§ DIRECTIONS FOR THIS TASK
The required answer is each line in the entries below where "alen" occurs.

# # # #

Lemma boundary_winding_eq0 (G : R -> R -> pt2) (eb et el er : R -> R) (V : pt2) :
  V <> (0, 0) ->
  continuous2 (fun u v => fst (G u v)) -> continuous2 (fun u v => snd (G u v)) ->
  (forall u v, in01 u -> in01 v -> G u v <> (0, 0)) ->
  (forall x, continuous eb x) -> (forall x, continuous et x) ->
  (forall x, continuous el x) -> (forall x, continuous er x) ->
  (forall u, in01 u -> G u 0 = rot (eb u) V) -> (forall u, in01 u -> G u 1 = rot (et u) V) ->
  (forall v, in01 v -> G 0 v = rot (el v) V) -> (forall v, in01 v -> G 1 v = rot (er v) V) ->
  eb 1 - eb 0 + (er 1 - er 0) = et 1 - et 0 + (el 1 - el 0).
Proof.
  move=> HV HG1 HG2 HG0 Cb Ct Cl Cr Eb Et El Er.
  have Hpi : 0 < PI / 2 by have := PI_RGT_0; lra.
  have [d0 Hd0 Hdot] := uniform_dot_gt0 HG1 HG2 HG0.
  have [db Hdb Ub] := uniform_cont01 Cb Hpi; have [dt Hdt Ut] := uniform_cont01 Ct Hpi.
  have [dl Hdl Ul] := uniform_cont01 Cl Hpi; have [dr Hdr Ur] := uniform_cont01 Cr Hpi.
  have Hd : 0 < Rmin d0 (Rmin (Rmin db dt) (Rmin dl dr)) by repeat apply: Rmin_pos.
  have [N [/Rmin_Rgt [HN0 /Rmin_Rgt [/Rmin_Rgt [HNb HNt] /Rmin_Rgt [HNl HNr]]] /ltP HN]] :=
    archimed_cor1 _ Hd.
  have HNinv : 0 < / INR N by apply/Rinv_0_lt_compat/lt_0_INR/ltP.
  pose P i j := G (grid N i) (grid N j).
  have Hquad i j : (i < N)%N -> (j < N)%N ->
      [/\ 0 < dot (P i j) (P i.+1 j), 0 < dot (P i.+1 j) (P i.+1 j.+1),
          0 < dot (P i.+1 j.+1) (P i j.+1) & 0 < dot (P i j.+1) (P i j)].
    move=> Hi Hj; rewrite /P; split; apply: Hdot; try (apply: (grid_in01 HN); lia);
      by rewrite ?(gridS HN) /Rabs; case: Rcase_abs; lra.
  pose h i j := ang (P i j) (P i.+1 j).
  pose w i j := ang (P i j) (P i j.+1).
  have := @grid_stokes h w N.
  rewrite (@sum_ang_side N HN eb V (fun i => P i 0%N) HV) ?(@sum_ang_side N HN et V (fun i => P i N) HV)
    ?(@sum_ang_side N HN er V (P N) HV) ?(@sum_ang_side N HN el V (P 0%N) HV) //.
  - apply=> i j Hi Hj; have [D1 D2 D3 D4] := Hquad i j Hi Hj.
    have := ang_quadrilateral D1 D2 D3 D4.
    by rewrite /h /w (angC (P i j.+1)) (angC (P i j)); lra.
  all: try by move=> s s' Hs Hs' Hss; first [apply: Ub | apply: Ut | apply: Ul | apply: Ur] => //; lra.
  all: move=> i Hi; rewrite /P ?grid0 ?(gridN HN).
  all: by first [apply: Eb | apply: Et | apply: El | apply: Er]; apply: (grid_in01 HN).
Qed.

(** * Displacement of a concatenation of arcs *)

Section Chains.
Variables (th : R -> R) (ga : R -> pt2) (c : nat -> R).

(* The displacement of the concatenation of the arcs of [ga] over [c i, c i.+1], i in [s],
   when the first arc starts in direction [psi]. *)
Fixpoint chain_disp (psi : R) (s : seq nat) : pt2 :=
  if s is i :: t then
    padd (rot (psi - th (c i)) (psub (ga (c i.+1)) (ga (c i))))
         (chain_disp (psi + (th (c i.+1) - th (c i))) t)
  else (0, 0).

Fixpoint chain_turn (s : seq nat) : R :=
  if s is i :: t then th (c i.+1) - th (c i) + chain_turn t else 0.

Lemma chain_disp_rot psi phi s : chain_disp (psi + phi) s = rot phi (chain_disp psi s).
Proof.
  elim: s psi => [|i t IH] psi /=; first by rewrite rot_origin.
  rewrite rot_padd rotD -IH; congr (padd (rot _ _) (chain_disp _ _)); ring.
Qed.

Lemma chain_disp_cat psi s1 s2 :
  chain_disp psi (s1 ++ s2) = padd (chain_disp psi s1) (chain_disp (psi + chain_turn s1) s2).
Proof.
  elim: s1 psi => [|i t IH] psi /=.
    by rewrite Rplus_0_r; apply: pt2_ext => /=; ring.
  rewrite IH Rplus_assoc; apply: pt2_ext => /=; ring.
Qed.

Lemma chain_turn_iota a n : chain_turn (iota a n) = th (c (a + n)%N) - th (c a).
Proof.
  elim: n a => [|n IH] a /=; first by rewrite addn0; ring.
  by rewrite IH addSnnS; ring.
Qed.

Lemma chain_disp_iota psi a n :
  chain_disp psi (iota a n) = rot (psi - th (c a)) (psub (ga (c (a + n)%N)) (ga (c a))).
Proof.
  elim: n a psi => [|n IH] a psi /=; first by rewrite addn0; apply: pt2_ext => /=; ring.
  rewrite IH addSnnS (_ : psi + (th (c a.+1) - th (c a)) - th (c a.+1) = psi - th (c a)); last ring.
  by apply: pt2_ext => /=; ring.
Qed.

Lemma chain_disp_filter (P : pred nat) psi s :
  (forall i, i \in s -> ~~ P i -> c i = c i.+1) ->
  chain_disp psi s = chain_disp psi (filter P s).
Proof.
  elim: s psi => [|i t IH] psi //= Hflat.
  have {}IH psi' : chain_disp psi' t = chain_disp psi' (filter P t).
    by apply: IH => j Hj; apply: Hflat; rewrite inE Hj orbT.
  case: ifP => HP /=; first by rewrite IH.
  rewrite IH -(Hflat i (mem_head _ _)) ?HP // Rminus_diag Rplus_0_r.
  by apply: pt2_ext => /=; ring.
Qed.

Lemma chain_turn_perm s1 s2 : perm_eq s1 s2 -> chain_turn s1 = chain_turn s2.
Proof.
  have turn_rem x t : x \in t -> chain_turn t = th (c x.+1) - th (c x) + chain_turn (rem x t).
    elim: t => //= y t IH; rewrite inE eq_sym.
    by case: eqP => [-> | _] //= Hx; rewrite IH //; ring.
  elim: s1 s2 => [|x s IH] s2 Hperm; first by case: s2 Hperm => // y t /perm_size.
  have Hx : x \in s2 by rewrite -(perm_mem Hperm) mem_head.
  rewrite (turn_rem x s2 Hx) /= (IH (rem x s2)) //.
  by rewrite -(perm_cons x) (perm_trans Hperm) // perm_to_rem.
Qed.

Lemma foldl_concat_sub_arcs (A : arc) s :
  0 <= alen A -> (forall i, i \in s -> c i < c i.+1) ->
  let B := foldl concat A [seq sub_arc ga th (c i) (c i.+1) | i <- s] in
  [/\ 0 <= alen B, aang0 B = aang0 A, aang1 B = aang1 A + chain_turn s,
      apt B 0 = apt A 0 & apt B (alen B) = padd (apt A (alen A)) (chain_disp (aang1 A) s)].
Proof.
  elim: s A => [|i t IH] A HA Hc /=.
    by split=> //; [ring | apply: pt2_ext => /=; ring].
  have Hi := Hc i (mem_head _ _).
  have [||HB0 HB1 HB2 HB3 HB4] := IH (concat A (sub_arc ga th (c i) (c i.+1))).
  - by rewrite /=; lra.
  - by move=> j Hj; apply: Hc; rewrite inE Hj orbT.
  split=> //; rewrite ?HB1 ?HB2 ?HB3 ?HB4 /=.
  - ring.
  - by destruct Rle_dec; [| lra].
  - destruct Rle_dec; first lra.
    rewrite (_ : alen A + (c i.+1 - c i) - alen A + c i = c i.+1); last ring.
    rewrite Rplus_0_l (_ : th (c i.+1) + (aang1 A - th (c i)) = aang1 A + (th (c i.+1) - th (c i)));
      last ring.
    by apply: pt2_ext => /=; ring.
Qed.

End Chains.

# # # #

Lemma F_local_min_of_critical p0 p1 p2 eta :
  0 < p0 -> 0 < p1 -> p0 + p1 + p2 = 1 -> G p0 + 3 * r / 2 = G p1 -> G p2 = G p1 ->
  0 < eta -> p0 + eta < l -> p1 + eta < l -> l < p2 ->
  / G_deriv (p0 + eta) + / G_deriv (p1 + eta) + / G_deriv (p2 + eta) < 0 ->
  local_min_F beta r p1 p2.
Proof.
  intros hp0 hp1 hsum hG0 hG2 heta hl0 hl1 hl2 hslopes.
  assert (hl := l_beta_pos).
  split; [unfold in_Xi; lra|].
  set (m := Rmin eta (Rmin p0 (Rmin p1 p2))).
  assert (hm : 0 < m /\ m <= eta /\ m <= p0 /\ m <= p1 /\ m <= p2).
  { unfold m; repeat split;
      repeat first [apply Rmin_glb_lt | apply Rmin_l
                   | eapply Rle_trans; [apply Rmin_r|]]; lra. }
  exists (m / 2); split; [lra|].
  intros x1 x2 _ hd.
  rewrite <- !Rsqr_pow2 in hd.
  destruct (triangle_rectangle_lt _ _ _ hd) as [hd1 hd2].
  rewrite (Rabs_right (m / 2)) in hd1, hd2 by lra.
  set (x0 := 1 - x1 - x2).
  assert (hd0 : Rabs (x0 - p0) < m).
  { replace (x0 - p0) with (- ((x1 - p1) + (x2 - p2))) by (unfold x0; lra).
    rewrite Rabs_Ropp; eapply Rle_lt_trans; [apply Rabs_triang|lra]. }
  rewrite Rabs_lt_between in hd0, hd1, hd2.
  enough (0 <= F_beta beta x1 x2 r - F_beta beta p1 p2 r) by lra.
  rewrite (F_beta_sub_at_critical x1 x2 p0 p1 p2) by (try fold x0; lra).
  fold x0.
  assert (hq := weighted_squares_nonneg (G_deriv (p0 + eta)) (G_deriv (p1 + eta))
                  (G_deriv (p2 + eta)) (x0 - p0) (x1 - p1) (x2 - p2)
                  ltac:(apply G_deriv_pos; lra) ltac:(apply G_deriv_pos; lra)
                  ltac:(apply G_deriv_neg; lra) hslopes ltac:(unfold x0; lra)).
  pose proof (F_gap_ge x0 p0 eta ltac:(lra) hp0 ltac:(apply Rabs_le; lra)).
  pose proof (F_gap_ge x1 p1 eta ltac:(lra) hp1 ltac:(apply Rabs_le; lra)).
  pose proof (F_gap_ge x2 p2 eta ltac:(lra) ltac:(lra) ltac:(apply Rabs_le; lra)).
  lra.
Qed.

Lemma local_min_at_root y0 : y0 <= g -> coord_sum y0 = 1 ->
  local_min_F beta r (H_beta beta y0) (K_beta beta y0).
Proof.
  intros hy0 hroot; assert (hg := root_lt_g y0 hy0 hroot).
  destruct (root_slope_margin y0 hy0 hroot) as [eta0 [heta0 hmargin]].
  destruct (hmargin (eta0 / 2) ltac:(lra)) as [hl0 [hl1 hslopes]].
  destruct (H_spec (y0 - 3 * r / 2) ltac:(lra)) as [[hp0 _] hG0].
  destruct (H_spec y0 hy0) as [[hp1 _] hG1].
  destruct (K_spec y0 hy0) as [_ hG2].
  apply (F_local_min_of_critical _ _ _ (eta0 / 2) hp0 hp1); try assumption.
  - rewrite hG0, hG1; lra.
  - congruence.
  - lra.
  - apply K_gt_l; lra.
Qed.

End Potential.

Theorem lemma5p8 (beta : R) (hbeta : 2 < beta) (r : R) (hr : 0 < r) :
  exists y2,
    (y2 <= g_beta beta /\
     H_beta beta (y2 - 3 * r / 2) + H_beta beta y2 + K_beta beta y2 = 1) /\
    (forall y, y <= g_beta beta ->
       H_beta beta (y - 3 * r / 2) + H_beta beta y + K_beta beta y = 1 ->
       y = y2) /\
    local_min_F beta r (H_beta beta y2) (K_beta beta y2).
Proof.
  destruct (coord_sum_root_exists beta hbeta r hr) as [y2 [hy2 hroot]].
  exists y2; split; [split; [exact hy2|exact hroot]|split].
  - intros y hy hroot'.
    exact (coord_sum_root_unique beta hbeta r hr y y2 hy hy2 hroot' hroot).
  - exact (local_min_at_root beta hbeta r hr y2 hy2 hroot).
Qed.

# # # #

§ RESULT FOR THIS TASK
  0 <= alen A -> (forall i, i \in s -> c i < c i.+1) ->
  [/\ 0 <= alen B, aang0 B = aang0 A, aang1 B = aang1 A + chain_turn s,
      apt B 0 = apt A 0 & apt B (alen B) = padd (apt A (alen A)) (chain_disp (aang1 A) s)].
    rewrite (_ : alen A + (c i.+1 - c i) - alen A + c i = c i.+1); last ring.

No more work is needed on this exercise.